● Exercise
Locate the line that contains "let lo := (1 + rl) / 2 in" in the entries below, then repeat it and every following line through the line that contains "th_rho_half x y]) /\", exactly, and no others.

● Dataset
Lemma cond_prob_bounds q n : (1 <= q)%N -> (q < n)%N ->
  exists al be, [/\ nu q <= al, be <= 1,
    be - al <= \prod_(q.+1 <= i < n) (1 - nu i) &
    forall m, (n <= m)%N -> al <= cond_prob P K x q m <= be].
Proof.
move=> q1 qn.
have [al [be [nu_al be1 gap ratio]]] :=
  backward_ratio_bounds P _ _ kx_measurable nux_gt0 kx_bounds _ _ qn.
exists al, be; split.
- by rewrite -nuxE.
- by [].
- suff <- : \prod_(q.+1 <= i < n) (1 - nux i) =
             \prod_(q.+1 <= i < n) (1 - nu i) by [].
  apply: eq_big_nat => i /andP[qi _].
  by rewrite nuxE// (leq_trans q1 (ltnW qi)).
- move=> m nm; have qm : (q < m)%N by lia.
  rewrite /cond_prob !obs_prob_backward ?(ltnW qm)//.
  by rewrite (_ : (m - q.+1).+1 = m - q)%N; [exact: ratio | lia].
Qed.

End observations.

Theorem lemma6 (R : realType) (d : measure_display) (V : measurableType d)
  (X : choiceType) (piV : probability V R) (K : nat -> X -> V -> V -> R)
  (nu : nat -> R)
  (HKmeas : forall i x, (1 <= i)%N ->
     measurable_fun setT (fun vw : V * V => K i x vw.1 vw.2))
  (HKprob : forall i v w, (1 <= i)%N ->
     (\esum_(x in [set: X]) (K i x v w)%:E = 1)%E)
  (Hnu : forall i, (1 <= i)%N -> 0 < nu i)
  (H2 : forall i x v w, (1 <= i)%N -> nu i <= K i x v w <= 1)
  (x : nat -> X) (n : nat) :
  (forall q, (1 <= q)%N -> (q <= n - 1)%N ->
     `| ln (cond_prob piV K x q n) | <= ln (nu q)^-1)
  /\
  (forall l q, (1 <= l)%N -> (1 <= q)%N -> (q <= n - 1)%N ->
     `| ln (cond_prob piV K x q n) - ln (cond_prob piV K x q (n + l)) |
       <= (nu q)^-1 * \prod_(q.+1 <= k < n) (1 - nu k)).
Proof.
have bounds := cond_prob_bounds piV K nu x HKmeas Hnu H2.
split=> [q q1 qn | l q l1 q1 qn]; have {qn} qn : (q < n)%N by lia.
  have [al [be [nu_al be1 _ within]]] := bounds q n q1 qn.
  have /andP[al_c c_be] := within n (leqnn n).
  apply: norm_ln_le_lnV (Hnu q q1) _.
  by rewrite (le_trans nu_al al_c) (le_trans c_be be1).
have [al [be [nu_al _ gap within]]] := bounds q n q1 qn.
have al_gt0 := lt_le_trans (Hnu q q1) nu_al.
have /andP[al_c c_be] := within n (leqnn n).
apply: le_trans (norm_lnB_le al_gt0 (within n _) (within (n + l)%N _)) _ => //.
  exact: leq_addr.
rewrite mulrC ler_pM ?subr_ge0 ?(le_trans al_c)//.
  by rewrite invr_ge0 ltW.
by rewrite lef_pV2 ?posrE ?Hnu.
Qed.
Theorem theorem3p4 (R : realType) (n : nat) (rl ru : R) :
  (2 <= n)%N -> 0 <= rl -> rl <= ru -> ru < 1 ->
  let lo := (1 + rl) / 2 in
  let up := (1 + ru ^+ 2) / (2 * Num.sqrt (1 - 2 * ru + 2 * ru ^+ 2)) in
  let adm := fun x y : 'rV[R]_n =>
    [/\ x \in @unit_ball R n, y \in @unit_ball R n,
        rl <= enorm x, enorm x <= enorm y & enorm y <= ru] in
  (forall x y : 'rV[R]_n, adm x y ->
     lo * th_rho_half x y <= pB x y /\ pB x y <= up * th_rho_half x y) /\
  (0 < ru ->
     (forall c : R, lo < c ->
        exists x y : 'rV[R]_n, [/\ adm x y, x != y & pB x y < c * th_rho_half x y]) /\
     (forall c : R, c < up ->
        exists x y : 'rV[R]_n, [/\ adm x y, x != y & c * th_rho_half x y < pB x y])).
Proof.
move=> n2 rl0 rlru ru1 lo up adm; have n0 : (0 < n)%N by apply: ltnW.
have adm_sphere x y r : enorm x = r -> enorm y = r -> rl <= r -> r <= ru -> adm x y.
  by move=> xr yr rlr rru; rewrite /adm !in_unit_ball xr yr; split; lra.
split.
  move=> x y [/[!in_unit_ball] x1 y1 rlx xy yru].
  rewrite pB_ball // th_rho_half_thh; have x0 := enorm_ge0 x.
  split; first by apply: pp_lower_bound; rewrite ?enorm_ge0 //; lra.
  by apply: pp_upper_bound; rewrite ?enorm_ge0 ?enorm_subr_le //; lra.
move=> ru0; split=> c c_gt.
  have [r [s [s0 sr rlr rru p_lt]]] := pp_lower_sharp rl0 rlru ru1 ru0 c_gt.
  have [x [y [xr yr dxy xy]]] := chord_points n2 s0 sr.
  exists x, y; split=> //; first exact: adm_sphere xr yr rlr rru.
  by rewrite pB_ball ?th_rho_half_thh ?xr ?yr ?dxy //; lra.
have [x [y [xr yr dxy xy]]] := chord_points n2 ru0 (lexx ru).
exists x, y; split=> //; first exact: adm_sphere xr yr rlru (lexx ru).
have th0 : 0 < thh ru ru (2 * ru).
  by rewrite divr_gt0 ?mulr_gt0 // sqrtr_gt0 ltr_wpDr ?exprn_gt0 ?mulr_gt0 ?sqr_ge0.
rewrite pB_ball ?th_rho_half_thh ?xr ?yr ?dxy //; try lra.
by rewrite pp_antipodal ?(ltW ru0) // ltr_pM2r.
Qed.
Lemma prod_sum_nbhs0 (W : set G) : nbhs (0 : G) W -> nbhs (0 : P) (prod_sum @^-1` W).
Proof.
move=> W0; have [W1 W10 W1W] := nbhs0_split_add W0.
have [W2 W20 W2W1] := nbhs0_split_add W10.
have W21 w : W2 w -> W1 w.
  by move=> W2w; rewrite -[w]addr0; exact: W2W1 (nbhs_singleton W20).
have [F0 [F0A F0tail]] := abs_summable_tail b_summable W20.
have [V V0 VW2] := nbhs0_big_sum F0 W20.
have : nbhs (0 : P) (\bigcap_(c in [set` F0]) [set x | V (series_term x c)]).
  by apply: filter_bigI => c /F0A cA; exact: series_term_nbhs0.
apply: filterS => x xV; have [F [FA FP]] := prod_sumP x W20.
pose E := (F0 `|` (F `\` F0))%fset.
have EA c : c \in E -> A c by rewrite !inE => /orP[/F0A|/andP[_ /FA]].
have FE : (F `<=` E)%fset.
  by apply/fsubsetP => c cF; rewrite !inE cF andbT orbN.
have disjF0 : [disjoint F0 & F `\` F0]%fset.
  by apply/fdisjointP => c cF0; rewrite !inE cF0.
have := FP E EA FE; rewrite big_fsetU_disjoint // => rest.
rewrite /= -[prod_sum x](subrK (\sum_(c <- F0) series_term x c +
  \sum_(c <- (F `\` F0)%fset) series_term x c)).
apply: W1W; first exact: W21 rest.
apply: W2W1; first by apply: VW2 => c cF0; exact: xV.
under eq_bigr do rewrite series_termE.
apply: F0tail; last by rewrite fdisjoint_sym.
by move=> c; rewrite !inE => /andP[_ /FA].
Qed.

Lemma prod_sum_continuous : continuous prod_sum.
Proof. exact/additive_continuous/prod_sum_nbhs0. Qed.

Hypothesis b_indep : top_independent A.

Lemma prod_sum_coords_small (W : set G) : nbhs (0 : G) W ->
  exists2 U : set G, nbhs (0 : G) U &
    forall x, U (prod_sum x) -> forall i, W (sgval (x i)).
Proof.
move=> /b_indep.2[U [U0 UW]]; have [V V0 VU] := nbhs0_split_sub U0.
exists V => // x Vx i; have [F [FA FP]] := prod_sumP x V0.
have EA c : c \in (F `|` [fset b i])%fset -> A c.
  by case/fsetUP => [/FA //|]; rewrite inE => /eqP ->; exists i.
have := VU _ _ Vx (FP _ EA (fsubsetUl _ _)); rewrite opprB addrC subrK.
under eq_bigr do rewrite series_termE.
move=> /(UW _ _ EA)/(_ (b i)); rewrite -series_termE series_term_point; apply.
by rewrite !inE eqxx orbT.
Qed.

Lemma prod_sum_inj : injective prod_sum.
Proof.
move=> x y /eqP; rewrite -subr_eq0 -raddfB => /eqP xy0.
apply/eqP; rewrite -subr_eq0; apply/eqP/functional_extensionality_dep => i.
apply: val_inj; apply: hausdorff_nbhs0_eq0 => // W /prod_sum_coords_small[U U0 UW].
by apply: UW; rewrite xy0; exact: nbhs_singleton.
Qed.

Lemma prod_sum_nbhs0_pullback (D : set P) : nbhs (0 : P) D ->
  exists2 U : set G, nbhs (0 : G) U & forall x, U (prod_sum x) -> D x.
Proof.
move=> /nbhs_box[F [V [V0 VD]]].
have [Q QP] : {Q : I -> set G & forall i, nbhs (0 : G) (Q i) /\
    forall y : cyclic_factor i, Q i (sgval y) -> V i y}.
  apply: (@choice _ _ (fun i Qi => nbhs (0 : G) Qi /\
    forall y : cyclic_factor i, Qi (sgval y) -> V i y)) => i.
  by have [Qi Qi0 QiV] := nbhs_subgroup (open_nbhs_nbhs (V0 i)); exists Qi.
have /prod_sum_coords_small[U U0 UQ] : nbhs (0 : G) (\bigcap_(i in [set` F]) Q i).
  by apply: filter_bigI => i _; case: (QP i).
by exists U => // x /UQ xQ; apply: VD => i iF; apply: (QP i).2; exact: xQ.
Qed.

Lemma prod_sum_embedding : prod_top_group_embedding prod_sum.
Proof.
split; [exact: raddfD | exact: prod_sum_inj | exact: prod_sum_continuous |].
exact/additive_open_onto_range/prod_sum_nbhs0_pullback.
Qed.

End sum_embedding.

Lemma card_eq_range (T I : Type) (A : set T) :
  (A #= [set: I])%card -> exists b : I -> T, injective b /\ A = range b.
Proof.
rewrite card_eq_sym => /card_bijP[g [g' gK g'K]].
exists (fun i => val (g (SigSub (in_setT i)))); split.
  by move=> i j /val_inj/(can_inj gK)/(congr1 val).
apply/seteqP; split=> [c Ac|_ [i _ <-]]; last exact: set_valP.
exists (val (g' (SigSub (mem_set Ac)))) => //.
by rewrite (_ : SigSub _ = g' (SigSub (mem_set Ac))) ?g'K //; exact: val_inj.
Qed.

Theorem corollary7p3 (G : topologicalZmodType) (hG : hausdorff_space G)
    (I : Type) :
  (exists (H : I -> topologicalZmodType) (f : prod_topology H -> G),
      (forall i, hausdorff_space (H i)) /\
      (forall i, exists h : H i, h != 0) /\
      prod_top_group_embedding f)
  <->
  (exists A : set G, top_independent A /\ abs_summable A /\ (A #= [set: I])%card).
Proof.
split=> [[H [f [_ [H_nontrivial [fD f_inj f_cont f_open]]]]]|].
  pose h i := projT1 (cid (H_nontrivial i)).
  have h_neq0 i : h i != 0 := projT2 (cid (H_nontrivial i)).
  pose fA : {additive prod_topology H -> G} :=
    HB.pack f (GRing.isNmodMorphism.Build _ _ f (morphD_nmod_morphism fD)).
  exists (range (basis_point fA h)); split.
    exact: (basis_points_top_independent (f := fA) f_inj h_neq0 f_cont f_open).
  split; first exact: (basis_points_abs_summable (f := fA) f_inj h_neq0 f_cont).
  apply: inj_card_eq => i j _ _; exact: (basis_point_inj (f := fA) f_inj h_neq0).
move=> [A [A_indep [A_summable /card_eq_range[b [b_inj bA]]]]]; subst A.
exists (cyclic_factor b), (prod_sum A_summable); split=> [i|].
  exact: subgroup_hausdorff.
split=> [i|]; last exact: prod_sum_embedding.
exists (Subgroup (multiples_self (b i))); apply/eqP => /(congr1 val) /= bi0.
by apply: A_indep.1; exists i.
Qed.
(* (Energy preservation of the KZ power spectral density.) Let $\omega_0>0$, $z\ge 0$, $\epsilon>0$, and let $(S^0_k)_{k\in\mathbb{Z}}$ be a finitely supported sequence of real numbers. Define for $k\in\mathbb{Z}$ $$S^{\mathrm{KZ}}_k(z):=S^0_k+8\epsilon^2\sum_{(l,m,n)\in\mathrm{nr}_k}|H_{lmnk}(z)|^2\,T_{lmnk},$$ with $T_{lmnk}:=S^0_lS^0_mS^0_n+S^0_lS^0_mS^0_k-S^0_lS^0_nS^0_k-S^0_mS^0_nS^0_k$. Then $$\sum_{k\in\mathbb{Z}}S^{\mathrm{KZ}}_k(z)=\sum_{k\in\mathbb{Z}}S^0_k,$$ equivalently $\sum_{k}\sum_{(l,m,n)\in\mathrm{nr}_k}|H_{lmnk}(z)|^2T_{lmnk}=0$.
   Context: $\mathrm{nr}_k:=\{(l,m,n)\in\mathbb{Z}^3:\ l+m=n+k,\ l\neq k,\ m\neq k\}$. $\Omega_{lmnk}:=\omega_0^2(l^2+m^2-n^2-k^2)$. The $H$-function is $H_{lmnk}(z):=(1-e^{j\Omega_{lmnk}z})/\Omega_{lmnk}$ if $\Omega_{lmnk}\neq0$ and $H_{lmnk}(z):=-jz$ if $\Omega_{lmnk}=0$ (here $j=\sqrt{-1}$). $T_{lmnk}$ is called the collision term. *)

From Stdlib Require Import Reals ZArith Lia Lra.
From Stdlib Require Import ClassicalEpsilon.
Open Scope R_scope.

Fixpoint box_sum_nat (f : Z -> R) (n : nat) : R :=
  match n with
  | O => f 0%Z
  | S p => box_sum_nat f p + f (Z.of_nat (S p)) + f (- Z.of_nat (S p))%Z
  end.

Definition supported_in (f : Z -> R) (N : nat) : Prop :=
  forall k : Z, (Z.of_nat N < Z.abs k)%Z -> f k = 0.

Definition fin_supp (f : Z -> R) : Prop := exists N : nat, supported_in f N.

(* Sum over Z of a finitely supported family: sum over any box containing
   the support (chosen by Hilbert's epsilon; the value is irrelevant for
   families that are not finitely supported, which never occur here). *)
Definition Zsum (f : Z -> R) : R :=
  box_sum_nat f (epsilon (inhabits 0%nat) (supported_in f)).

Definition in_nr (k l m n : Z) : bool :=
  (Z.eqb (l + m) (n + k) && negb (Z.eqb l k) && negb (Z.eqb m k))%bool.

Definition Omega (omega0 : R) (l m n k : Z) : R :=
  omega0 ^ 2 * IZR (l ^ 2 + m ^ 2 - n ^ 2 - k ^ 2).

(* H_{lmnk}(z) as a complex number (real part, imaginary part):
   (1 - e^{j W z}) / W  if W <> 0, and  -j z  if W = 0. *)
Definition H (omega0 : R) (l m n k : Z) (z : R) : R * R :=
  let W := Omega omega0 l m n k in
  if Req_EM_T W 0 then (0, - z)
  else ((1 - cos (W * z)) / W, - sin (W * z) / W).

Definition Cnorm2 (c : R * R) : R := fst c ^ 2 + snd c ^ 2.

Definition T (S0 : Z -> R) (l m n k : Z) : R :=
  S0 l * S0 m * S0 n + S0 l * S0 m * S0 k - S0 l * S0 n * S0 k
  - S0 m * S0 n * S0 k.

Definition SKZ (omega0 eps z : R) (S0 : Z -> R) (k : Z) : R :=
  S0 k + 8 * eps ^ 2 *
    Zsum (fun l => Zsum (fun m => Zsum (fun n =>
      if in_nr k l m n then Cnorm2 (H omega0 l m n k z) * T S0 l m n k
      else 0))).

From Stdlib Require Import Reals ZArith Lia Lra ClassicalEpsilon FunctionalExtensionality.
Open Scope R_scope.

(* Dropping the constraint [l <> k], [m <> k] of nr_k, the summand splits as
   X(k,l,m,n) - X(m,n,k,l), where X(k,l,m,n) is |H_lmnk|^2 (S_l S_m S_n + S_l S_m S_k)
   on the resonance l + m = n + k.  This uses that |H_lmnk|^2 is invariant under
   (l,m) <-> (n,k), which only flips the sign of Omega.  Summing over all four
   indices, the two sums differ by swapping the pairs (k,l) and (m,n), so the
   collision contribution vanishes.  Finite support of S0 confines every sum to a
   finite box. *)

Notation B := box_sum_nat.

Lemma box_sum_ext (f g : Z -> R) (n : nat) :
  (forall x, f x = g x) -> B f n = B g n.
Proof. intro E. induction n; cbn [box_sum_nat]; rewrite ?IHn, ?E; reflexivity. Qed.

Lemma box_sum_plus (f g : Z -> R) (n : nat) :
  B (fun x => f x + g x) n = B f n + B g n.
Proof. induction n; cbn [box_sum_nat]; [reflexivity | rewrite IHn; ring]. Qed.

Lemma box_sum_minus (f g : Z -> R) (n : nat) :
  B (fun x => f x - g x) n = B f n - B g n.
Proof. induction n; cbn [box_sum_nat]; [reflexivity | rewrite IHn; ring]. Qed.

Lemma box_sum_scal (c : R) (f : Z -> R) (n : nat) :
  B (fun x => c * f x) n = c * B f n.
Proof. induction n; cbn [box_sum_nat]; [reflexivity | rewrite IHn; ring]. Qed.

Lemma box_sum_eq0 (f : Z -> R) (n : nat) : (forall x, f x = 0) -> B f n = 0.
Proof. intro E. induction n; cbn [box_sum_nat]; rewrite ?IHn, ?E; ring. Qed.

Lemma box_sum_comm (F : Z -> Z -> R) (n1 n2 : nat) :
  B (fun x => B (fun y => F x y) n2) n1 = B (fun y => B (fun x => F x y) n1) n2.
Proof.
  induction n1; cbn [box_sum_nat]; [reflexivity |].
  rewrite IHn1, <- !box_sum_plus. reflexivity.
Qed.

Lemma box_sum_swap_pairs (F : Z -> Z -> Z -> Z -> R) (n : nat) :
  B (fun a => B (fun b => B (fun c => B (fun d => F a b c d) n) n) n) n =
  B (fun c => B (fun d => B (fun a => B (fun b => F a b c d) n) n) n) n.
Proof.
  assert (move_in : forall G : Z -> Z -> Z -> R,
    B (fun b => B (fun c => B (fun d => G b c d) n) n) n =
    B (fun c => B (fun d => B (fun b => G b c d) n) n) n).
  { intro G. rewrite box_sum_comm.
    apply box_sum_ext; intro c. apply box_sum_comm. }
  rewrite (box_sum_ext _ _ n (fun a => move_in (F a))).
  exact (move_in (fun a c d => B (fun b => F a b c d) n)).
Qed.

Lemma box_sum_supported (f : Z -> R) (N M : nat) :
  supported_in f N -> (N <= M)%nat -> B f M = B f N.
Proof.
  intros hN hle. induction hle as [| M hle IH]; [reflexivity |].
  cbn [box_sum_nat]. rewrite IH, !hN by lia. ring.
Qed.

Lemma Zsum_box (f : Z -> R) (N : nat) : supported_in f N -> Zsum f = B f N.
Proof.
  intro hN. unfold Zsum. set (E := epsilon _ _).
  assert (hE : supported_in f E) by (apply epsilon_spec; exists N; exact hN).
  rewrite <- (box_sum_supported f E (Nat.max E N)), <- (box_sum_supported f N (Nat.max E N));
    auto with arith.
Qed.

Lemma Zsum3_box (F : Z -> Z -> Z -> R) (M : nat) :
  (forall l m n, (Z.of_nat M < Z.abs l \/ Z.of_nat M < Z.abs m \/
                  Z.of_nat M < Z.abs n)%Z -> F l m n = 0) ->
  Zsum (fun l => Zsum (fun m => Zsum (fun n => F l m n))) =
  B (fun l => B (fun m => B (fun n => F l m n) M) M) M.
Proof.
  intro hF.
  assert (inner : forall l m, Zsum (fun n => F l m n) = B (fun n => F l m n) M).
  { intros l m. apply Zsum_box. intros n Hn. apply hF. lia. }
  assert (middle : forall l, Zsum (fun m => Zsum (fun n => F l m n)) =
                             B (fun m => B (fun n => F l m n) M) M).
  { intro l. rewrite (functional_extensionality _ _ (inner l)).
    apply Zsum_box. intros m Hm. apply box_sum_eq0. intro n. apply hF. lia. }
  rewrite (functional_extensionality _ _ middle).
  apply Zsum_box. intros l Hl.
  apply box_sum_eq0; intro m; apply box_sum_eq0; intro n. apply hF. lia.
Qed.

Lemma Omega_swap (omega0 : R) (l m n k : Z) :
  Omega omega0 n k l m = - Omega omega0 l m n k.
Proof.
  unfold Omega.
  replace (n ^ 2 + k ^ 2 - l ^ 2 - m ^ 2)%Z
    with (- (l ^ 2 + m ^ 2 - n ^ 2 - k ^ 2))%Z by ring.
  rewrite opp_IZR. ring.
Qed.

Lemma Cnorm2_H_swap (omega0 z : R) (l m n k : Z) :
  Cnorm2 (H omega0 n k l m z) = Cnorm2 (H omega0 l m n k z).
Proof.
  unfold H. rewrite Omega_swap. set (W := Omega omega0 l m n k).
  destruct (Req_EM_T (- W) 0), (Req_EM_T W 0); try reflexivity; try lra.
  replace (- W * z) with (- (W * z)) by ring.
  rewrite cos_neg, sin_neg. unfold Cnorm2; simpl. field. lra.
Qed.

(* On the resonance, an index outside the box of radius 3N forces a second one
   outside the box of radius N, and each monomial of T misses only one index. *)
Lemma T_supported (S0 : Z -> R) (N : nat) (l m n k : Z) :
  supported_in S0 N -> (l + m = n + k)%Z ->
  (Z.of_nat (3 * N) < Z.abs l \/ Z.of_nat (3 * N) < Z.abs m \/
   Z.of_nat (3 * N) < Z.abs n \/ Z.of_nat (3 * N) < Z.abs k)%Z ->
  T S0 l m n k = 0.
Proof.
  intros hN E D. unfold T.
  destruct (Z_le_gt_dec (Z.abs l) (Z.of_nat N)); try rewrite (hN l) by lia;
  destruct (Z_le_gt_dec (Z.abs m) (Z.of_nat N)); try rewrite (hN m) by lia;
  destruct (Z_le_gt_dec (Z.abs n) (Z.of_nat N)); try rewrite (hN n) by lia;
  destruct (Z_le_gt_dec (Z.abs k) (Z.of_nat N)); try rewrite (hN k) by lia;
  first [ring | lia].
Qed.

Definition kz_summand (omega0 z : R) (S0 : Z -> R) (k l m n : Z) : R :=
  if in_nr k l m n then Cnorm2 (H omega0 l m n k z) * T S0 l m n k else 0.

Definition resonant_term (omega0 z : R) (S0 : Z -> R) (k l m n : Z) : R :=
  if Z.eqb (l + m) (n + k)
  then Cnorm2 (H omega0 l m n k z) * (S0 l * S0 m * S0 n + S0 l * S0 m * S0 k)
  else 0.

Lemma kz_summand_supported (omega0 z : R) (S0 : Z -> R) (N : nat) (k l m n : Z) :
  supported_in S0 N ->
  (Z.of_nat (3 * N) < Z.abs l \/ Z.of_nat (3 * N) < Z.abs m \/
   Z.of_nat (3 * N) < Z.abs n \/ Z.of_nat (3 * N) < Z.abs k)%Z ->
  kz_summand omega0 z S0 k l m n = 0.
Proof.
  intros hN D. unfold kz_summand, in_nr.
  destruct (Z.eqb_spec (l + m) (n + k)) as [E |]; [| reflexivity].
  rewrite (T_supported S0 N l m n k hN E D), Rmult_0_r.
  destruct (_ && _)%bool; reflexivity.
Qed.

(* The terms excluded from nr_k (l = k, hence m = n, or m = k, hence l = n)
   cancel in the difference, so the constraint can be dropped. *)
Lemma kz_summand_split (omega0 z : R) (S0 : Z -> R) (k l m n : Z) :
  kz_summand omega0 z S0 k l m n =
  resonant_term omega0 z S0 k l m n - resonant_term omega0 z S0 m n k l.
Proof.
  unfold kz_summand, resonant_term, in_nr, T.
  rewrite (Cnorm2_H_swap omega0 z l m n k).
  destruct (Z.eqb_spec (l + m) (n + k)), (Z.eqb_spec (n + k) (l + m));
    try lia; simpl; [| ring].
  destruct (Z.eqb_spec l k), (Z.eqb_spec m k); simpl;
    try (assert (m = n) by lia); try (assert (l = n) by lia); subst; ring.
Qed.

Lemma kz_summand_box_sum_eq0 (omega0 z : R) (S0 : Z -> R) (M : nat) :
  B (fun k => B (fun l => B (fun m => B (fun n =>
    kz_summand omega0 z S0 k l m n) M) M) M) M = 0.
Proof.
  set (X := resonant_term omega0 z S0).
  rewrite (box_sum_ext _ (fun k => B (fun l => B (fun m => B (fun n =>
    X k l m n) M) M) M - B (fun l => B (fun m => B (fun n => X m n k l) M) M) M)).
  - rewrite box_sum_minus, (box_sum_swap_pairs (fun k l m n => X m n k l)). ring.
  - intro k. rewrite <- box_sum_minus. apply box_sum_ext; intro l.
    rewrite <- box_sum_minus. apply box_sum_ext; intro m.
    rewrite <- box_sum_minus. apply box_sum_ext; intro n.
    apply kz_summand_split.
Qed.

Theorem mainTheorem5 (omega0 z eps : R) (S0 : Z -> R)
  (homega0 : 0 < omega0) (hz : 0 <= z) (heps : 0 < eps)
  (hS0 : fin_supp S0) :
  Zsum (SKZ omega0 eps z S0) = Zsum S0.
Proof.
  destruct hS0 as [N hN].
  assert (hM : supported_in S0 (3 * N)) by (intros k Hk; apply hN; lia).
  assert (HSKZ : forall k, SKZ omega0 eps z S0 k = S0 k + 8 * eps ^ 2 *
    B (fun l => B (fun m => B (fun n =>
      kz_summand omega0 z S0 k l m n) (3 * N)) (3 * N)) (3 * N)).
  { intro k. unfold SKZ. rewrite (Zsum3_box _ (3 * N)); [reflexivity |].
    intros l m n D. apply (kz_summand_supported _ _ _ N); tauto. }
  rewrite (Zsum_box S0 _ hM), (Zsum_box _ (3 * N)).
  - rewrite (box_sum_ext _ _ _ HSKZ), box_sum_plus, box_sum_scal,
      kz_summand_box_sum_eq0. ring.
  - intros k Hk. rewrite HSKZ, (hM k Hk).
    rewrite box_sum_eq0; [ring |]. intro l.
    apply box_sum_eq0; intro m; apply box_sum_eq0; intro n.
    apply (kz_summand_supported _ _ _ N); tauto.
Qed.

● Written answer
  let lo := (1 + rl) / 2 in
  let up := (1 + ru ^+ 2) / (2 * Num.sqrt (1 - 2 * ru + 2 * ru ^+ 2)) in
  let adm := fun x y : 'rV[R]_n =>
    [/\ x \in @unit_ball R n, y \in @unit_ball R n,
        rl <= enorm x, enorm x <= enorm y & enorm y <= ru] in
  (forall x y : 'rV[R]_n, adm x y ->
     lo * th_rho_half x y <= pB x y /\ pB x y <= up * th_rho_half x y) /\
  (0 < ru ->
     (forall c : R, lo < c ->
        exists x y : 'rV[R]_n, [/\ adm x y, x != y & pB x y < c * th_rho_half x y]) /\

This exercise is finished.